▸ What you need to do:
In the entries that follow, find the line containing "End DifferenceQuotients."; from there, copy every line exactly through the line containing "move=> g0; rewrite le_min => /andP[mg mb] ->.".
### Supplied information ###
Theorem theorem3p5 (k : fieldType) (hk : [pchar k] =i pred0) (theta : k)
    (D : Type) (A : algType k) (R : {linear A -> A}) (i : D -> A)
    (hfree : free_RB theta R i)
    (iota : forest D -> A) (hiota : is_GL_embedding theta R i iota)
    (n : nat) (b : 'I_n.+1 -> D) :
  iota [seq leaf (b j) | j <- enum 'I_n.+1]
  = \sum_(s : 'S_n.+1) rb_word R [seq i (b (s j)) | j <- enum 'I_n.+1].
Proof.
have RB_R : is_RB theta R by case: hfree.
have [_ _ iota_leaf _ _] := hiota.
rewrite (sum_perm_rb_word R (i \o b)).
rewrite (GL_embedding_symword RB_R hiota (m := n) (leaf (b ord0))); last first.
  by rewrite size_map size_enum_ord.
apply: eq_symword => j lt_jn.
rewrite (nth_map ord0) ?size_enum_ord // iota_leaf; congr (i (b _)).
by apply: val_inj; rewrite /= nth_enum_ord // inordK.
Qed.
###
### Supplied information ###
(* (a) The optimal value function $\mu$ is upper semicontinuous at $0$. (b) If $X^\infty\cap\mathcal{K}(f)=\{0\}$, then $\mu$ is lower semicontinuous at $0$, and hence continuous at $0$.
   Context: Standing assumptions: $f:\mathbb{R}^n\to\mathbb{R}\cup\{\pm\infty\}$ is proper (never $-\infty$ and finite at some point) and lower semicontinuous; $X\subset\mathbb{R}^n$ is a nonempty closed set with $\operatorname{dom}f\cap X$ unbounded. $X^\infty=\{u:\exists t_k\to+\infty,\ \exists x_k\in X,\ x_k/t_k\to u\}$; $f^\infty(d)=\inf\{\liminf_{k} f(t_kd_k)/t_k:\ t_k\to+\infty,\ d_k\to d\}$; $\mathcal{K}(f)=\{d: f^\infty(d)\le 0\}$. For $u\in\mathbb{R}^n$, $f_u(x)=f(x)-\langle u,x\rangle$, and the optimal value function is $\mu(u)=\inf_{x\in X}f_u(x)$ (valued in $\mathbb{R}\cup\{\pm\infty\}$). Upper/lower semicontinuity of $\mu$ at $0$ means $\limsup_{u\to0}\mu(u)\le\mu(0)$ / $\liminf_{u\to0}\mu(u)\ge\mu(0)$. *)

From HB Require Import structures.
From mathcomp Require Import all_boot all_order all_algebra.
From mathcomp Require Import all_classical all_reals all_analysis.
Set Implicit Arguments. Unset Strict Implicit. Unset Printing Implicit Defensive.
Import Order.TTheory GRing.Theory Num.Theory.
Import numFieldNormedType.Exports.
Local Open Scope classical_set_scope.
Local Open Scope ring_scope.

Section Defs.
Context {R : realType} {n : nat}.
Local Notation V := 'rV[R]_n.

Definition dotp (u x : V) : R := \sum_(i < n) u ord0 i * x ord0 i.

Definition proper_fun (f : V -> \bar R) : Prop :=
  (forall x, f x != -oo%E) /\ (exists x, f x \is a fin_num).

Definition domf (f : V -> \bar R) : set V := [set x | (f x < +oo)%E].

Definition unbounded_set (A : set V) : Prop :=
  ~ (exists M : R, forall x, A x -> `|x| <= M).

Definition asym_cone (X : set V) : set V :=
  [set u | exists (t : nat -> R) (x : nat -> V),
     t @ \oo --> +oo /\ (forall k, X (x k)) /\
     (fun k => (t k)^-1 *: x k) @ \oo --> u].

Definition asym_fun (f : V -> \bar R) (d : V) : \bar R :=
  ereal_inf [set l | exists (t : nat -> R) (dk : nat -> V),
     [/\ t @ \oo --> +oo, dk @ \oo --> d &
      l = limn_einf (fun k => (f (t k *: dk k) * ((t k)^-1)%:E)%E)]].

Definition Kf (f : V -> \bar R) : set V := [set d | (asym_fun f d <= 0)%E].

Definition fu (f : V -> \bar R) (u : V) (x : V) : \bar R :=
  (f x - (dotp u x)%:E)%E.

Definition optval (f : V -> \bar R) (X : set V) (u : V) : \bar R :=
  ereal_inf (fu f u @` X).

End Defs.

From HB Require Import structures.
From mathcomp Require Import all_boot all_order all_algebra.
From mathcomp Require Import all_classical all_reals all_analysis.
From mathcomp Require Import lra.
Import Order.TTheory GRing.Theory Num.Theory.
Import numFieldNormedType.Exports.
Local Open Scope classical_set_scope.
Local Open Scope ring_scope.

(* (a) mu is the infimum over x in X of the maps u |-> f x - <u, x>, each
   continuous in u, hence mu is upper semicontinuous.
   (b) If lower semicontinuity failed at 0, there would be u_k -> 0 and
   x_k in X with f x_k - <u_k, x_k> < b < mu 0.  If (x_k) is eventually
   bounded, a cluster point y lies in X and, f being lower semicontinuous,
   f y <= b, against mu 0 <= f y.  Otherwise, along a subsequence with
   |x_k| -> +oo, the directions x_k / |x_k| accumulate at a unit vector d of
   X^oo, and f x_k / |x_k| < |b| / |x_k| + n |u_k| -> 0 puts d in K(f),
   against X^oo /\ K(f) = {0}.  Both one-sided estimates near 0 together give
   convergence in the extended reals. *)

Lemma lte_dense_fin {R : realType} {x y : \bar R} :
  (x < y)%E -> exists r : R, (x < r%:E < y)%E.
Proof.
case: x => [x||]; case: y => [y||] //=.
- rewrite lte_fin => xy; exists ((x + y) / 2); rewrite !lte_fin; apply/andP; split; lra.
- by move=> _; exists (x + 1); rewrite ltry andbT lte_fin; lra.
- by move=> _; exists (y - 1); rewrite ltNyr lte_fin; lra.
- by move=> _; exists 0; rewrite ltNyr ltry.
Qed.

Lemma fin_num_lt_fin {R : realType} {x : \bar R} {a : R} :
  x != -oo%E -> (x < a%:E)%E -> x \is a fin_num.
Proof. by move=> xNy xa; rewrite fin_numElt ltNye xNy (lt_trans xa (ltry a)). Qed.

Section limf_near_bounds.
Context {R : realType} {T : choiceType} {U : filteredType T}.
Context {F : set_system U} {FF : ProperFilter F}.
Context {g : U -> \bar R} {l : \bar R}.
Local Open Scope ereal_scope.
###
### Supplied information ###
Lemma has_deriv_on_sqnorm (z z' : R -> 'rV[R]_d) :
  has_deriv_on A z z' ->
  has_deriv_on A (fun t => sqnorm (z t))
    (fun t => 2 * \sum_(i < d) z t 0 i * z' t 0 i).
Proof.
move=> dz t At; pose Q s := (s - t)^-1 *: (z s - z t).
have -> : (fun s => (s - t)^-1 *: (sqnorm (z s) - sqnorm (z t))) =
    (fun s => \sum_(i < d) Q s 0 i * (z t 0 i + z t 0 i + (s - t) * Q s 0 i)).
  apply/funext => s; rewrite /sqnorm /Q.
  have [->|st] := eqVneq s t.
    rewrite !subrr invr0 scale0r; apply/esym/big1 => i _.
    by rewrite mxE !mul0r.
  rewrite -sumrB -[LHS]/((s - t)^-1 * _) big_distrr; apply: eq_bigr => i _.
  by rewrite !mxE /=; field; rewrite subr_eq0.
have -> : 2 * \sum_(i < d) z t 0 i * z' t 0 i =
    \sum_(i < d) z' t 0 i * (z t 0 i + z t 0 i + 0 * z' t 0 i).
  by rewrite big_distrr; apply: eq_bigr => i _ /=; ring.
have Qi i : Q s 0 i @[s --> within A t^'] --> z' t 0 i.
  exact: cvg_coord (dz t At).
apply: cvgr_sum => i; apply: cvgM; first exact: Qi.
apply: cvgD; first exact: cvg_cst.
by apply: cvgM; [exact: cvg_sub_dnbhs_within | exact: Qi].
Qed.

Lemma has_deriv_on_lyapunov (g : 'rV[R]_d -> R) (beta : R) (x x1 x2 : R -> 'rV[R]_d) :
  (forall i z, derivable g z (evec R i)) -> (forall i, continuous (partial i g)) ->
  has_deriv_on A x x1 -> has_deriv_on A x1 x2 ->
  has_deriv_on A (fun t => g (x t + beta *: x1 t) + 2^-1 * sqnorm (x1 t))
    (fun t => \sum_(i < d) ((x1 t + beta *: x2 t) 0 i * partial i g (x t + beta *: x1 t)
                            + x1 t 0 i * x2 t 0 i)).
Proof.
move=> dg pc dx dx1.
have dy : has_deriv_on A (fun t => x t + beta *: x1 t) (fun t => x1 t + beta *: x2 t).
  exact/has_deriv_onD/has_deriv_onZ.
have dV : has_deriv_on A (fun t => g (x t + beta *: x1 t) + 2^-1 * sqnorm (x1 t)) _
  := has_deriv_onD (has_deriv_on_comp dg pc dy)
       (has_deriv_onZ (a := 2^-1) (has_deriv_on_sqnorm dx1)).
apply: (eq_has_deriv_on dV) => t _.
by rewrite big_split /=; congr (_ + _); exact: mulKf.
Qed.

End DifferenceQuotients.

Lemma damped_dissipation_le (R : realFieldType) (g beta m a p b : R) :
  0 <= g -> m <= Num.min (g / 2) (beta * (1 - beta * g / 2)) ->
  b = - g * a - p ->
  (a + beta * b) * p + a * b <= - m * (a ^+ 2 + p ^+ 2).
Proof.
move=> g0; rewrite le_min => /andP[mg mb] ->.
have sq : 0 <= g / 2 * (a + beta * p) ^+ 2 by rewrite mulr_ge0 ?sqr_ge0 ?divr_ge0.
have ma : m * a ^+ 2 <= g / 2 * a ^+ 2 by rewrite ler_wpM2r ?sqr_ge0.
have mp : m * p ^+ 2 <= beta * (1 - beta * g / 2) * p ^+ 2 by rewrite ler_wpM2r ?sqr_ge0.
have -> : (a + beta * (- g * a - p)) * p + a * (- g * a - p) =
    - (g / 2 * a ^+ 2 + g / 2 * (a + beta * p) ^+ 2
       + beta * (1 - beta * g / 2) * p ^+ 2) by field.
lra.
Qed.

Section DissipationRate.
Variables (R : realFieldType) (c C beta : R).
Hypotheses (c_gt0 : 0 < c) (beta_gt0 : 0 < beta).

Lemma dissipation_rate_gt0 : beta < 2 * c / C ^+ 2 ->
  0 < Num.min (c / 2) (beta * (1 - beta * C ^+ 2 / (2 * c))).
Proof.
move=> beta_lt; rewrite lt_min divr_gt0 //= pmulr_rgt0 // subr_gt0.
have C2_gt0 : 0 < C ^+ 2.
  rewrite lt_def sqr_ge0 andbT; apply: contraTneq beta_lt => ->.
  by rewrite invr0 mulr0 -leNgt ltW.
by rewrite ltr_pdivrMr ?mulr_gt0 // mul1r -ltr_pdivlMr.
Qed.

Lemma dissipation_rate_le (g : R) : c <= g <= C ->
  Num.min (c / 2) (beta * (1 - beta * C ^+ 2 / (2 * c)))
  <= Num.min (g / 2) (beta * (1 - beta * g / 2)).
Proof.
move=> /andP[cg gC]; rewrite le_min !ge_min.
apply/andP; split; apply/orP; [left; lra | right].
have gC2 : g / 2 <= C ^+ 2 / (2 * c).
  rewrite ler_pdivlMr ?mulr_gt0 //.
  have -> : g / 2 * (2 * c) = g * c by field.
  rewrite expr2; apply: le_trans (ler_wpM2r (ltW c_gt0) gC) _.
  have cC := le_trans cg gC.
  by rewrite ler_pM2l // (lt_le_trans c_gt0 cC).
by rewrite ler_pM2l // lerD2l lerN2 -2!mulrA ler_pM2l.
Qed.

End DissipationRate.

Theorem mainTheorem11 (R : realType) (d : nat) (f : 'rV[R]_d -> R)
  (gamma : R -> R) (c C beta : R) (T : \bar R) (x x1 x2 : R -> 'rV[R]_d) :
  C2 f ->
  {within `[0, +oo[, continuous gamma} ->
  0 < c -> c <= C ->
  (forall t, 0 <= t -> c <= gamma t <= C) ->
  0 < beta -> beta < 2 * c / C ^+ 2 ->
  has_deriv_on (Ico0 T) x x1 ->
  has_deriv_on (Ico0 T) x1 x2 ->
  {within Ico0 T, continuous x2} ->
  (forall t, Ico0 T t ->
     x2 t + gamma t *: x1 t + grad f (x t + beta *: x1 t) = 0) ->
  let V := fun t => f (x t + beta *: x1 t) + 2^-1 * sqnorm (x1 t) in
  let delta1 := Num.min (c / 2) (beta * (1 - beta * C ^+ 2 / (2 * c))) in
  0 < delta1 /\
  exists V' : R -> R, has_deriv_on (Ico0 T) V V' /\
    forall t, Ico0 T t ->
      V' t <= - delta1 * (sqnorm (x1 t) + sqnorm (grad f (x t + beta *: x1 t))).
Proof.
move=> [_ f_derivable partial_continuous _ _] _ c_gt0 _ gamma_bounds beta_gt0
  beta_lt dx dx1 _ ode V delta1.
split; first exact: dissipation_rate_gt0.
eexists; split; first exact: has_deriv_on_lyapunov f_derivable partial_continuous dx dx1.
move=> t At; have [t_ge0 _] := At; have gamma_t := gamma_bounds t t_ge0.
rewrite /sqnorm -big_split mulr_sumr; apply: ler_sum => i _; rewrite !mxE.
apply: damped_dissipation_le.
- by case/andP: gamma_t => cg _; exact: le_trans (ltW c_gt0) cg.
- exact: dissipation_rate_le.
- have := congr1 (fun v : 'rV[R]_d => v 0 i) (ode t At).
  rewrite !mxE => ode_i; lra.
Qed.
###
▸ Exercise answer:
End DifferenceQuotients.

Lemma damped_dissipation_le (R : realFieldType) (g beta m a p b : R) :
  0 <= g -> m <= Num.min (g / 2) (beta * (1 - beta * g / 2)) ->
  b = - g * a - p ->
  (a + beta * b) * p + a * b <= - m * (a ^+ 2 + p ^+ 2).
Proof.
move=> g0; rewrite le_min => /andP[mg mb] ->.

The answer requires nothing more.